Stored data entries:
..........

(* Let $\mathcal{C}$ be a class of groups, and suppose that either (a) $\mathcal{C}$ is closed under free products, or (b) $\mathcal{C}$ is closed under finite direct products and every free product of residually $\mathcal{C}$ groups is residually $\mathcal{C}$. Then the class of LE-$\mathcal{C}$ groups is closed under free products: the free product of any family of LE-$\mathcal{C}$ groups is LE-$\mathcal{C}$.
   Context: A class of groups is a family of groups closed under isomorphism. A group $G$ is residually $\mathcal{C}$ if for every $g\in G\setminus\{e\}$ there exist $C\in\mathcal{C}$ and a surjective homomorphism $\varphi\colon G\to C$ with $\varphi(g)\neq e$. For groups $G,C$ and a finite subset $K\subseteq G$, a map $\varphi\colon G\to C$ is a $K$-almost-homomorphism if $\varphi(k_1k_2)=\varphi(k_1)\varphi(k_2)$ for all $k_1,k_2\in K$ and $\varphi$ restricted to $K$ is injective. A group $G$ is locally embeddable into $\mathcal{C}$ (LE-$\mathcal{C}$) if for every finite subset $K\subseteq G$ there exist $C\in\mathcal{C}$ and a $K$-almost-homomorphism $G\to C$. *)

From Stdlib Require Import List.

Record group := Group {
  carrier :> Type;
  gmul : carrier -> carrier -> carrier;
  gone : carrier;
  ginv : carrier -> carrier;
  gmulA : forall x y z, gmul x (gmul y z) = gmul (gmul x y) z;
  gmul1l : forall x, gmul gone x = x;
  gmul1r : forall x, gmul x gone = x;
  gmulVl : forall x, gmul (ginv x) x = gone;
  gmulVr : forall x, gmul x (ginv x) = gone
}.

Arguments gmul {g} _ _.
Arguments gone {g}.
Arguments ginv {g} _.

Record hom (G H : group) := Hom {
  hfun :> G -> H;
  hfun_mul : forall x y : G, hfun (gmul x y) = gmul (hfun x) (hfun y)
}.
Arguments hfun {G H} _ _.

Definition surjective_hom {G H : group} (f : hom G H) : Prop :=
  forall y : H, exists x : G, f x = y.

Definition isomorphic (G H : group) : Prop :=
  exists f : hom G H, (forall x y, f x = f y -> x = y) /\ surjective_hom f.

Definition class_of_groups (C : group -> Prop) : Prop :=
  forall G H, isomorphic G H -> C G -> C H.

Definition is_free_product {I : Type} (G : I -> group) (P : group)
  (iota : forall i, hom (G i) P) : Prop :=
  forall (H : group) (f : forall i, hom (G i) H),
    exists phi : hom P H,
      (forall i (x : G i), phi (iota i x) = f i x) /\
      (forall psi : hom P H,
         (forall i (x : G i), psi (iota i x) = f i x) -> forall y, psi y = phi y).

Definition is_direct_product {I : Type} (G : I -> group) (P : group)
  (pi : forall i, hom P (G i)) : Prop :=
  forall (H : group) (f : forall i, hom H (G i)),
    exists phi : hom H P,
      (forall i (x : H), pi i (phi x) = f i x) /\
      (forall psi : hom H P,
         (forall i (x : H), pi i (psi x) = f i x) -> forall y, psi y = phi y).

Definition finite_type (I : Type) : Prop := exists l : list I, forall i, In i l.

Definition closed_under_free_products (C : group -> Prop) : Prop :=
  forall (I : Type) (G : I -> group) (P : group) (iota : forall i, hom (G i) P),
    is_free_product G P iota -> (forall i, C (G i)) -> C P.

..........

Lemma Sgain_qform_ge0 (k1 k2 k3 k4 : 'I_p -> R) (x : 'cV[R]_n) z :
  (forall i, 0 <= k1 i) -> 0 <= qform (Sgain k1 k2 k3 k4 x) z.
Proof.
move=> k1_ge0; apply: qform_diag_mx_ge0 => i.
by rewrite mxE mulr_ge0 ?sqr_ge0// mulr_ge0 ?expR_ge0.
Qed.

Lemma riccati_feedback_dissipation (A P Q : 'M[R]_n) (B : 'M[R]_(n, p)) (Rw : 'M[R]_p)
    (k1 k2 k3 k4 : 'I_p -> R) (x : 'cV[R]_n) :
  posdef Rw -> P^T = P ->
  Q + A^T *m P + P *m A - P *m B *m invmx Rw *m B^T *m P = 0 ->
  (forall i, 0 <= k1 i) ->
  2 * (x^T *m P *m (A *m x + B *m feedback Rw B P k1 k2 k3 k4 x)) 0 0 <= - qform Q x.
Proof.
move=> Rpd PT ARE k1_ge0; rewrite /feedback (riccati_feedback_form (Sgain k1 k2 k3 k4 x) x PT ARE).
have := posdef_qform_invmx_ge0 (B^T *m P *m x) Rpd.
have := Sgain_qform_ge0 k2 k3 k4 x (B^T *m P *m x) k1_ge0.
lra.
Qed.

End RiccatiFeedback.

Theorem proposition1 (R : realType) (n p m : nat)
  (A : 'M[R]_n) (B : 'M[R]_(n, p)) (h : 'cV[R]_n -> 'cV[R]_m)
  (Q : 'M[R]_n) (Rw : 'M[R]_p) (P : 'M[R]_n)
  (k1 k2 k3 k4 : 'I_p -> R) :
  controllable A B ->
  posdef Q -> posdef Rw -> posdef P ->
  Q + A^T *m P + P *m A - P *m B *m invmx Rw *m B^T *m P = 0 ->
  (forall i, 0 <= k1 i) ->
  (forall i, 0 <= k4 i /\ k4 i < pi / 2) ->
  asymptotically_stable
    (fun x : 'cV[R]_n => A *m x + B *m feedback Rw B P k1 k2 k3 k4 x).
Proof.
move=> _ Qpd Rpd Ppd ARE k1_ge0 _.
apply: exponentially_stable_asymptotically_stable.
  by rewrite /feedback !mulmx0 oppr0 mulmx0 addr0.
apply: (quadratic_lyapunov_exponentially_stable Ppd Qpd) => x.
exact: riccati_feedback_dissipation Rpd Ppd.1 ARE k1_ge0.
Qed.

..........

### WHAT IS EXPECTED:
Look above for the line holding "gone : carrier;". Print it and every line after it, exactly, through the line holding "is_free_product G P".

### RESULT OF THE EXERCISE:
  gone : carrier;
  ginv : carrier -> carrier;
  gmulA : forall x y z, gmul x (gmul y z) = gmul (gmul x y) z;
  gmul1l : forall x, gmul gone x = x;
  gmul1r : forall x, gmul x gone = x;
  gmulVl : forall x, gmul (ginv x) x = gone;
  gmulVr : forall x, gmul x (ginv x) = gone
}.

Arguments gmul {g} _ _.
Arguments gone {g}.
Arguments ginv {g} _.

Record hom (G H : group) := Hom {
  hfun :> G -> H;
  hfun_mul : forall x y : G, hfun (gmul x y) = gmul (hfun x) (hfun y)
}.
Arguments hfun {G H} _ _.

Definition surjective_hom {G H : group} (f : hom G H) : Prop :=
  forall y : H, exists x : G, f x = y.

Definition isomorphic (G H : group) : Prop :=
  exists f : hom G H, (forall x y, f x = f y -> x = y) /\ surjective_hom f.

Definition class_of_groups (C : group -> Prop) : Prop :=
  forall G H, isomorphic G H -> C G -> C H.

Definition is_free_product {I : Type} (G : I -> group) (P : group)
  (iota : forall i, hom (G i) P) : Prop :=
  forall (H : group) (f : forall i, hom (G i) H),
    exists phi : hom P H,
      (forall i (x : G i), phi (iota i x) = f i x) /\
      (forall psi : hom P H,
         (forall i (x : G i), psi (iota i x) = f i x) -> forall y, psi y = phi y).

Definition is_direct_product {I : Type} (G : I -> group) (P : group)
  (pi : forall i, hom P (G i)) : Prop :=
  forall (H : group) (f : forall i, hom H (G i)),
    exists phi : hom H P,
      (forall i (x : H), pi i (phi x) = f i x) /\
      (forall psi : hom H P,
         (forall i (x : H), pi i (psi x) = f i x) -> forall y, psi y = phi y).

Definition finite_type (I : Type) : Prop := exists l : list I, forall i, In i l.

Definition closed_under_free_products (C : group -> Prop) : Prop :=
  forall (I : Type) (G : I -> group) (P : group) (iota : forall i, hom (G i) P),
    is_free_product G P iota -> (forall i, C (G i)) -> C P.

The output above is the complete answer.